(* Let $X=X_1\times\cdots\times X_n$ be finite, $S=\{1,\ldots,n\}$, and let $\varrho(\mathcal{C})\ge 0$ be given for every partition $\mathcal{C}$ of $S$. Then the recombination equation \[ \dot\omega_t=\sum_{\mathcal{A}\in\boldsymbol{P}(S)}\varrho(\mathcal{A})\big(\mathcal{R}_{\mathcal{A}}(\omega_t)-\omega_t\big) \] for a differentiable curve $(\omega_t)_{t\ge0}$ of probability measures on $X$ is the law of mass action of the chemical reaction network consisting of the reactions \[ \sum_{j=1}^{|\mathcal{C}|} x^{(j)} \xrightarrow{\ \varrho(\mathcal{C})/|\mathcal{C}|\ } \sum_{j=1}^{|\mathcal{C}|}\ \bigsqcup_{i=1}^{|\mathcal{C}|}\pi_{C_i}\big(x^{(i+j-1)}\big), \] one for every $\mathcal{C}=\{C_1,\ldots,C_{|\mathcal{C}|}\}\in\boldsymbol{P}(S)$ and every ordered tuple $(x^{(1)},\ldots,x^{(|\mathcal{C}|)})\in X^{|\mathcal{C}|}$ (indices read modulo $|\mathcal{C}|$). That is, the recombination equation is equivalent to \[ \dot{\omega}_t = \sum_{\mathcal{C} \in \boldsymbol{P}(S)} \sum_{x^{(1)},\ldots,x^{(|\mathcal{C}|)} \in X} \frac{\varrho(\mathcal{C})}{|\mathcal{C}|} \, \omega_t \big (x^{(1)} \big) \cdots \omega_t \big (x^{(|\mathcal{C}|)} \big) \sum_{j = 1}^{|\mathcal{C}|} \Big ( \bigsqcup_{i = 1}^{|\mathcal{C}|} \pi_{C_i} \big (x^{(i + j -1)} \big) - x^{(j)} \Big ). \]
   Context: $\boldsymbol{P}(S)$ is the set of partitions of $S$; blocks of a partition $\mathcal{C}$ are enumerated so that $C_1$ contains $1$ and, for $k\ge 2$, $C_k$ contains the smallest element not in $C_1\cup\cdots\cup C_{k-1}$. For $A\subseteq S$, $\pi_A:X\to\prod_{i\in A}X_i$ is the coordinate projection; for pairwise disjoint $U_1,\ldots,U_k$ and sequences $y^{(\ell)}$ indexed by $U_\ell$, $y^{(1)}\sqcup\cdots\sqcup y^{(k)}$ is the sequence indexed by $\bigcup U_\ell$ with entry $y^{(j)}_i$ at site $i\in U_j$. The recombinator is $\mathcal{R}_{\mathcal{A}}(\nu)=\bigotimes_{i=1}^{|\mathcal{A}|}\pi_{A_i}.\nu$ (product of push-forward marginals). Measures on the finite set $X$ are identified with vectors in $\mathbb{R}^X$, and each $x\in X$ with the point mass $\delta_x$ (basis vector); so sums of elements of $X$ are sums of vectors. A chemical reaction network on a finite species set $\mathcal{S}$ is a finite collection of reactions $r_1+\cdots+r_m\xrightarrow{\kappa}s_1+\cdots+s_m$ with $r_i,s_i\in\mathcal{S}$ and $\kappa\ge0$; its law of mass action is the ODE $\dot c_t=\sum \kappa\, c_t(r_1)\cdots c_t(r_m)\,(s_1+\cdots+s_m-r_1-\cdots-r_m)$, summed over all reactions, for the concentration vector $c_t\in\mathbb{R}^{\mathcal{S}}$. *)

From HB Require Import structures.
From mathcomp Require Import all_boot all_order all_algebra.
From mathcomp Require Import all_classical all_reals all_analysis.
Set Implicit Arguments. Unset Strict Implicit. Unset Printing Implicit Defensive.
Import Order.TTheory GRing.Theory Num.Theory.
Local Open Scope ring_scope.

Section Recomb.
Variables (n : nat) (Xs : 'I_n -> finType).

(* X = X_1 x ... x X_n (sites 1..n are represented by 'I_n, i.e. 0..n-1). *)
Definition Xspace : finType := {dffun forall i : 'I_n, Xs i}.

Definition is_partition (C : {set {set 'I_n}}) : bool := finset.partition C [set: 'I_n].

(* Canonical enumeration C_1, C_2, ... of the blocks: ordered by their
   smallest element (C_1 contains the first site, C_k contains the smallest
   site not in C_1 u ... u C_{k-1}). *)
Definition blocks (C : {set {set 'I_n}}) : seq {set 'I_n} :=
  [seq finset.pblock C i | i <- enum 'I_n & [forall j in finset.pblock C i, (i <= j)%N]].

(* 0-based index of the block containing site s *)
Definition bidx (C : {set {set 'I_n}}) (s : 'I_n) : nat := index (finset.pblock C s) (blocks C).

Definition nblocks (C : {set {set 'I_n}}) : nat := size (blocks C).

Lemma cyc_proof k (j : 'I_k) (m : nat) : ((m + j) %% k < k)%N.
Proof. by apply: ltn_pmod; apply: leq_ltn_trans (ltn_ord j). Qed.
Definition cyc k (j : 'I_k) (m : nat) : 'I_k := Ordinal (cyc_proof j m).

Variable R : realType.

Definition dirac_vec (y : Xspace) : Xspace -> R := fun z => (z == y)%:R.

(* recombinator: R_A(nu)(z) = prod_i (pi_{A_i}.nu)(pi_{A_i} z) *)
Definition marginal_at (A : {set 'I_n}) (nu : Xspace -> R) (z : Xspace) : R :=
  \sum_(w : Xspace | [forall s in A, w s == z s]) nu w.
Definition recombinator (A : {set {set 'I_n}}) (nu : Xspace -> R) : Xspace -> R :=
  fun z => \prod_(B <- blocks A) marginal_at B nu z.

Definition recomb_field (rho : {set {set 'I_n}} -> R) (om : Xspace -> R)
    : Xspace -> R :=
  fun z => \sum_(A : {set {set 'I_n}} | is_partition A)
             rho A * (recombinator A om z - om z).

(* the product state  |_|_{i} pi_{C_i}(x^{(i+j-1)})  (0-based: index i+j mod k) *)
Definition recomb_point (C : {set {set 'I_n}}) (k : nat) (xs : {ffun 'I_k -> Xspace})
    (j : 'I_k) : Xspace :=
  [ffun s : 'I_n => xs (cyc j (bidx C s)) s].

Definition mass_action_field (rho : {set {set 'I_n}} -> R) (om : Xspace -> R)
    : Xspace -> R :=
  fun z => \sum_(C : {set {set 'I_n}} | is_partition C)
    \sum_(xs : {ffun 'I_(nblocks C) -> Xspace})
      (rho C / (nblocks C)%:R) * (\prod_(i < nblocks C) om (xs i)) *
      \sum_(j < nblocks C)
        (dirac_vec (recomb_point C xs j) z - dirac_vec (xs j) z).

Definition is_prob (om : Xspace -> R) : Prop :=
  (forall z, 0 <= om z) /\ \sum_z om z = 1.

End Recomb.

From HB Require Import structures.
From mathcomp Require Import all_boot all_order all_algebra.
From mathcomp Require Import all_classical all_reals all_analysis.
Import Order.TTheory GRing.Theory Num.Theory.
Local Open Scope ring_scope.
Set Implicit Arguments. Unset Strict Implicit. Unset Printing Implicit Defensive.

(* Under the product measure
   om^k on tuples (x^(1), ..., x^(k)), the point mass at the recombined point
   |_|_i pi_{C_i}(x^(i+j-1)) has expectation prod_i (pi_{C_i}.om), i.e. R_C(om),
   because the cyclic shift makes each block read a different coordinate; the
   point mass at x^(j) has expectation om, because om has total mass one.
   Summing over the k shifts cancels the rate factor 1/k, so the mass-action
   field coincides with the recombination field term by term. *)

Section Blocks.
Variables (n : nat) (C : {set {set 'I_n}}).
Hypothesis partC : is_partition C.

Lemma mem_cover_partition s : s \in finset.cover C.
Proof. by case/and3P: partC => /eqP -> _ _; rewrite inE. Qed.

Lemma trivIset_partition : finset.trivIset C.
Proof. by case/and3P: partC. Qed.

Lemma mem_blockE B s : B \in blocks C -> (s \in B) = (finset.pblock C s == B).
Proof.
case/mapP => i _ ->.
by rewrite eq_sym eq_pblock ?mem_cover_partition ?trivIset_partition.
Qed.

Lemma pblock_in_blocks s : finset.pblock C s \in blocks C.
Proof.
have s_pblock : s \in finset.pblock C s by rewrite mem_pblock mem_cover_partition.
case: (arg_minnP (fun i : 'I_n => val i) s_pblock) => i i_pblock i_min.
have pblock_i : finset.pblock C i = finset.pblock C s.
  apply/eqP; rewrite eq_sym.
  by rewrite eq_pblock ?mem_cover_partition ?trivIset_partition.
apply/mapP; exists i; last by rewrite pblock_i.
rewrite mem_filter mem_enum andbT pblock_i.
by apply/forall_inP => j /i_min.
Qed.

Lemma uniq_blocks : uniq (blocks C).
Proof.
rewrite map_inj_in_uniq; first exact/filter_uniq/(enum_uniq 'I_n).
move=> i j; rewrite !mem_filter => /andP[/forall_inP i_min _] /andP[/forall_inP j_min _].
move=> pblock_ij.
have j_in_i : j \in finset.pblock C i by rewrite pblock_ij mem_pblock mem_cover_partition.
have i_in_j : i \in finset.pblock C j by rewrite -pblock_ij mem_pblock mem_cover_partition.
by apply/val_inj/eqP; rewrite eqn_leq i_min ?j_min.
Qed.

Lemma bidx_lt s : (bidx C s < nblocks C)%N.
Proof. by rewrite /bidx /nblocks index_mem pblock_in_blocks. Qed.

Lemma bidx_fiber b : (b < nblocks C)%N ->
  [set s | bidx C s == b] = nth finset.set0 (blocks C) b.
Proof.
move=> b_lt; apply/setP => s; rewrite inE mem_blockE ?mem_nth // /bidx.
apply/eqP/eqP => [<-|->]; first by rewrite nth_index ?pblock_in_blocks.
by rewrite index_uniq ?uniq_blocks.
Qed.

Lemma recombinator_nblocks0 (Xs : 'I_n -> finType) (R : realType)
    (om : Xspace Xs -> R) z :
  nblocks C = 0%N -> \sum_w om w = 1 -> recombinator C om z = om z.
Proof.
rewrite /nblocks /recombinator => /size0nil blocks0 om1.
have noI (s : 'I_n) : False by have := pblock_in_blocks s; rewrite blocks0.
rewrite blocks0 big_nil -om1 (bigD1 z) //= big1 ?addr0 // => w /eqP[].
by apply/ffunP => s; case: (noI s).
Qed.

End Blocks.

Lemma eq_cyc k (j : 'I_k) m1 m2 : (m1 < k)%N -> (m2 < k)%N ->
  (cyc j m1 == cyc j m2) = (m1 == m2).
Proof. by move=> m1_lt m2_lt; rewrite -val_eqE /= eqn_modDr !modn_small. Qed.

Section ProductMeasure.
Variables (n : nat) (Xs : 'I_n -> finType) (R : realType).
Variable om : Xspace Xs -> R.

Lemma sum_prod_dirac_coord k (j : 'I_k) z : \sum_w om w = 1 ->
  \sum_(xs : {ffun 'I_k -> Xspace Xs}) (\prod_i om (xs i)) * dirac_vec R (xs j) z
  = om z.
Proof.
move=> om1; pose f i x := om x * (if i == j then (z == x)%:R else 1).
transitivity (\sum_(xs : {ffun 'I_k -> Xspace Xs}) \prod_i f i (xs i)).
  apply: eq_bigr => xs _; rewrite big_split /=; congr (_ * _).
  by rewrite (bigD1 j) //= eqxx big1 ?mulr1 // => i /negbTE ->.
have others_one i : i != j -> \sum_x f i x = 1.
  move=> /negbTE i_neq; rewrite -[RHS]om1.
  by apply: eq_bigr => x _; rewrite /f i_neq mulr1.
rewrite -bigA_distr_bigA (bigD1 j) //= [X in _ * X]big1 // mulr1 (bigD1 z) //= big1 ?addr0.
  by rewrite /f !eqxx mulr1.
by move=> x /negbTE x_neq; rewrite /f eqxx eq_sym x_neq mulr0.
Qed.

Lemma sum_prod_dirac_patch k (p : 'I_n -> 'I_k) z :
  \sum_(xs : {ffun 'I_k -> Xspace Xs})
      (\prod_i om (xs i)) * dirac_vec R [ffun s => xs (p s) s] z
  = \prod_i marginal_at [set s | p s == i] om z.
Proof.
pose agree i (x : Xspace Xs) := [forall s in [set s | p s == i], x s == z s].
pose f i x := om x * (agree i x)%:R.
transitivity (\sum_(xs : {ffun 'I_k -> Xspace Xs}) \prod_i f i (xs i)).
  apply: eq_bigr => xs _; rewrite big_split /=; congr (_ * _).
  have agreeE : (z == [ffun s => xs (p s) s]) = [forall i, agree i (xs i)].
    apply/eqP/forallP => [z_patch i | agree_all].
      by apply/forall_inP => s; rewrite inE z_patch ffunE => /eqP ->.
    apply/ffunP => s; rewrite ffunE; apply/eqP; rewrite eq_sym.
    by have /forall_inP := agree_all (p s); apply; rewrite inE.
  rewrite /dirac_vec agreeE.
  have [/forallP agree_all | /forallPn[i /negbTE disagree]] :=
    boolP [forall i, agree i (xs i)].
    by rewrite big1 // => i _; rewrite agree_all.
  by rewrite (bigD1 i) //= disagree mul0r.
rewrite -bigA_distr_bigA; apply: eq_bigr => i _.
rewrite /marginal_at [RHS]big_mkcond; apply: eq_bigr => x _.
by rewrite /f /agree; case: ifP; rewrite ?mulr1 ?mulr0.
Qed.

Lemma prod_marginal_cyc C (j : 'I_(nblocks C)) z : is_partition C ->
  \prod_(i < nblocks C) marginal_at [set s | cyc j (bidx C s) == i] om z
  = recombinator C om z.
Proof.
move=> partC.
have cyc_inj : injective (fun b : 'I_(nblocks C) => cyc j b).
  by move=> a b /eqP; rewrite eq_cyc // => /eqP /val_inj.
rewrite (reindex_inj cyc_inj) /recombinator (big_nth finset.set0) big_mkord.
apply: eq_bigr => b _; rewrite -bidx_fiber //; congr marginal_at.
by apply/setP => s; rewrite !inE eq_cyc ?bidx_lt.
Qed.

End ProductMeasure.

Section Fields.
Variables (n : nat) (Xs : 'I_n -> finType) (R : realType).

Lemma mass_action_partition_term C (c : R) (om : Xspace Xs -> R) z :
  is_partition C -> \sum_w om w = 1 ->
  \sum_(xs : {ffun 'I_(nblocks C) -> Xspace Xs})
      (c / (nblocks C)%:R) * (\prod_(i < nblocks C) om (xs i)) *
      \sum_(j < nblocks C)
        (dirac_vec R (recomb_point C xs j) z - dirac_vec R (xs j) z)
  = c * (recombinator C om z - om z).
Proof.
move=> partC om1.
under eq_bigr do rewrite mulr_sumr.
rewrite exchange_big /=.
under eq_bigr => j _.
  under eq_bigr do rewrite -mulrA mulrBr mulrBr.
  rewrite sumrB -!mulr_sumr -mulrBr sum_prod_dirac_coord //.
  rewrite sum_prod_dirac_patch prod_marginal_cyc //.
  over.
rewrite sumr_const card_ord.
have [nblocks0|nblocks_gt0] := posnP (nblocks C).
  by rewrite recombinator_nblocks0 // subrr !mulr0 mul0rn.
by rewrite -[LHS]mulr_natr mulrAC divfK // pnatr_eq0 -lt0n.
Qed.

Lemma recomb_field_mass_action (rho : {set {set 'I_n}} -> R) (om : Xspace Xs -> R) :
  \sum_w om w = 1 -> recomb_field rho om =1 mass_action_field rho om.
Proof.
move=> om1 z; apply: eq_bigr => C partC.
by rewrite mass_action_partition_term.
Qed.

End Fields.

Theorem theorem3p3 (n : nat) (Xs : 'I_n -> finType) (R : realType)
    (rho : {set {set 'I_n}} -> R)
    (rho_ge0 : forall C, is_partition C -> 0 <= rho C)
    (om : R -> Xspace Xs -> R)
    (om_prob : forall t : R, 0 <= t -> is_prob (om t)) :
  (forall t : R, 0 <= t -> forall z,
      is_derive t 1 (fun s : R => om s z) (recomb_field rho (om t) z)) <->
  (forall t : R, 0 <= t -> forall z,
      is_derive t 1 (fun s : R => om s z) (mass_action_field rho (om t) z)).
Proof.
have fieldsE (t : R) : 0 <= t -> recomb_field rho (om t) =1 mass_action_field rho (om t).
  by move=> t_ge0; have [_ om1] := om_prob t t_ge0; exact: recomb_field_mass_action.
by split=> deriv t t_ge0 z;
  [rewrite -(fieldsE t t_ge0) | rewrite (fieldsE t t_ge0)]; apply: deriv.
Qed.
---+---
*Activity*:
From the records above, transcribe exactly the run of lines that opens with the line holding "point mass at x^(j)" and closes with the line holding "move=> pblock_ij.", both included.

*Finished task*:
   point mass at x^(j) has expectation om, because om has total mass one.
   Summing over the k shifts cancels the rate factor 1/k, so the mass-action
   field coincides with the recombination field term by term. *)

Section Blocks.
Variables (n : nat) (C : {set {set 'I_n}}).
Hypothesis partC : is_partition C.

Lemma mem_cover_partition s : s \in finset.cover C.
Proof. by case/and3P: partC => /eqP -> _ _; rewrite inE. Qed.

Lemma trivIset_partition : finset.trivIset C.
Proof. by case/and3P: partC. Qed.

Lemma mem_blockE B s : B \in blocks C -> (s \in B) = (finset.pblock C s == B).
Proof.
case/mapP => i _ ->.
by rewrite eq_sym eq_pblock ?mem_cover_partition ?trivIset_partition.
Qed.

Lemma pblock_in_blocks s : finset.pblock C s \in blocks C.
Proof.
have s_pblock : s \in finset.pblock C s by rewrite mem_pblock mem_cover_partition.
case: (arg_minnP (fun i : 'I_n => val i) s_pblock) => i i_pblock i_min.
have pblock_i : finset.pblock C i = finset.pblock C s.
  apply/eqP; rewrite eq_sym.
  by rewrite eq_pblock ?mem_cover_partition ?trivIset_partition.
apply/mapP; exists i; last by rewrite pblock_i.
rewrite mem_filter mem_enum andbT pblock_i.
by apply/forall_inP => j /i_min.
Qed.

Lemma uniq_blocks : uniq (blocks C).
Proof.
rewrite map_inj_in_uniq; first exact/filter_uniq/(enum_uniq 'I_n).
move=> i j; rewrite !mem_filter => /andP[/forall_inP i_min _] /andP[/forall_inP j_min _].
move=> pblock_ij.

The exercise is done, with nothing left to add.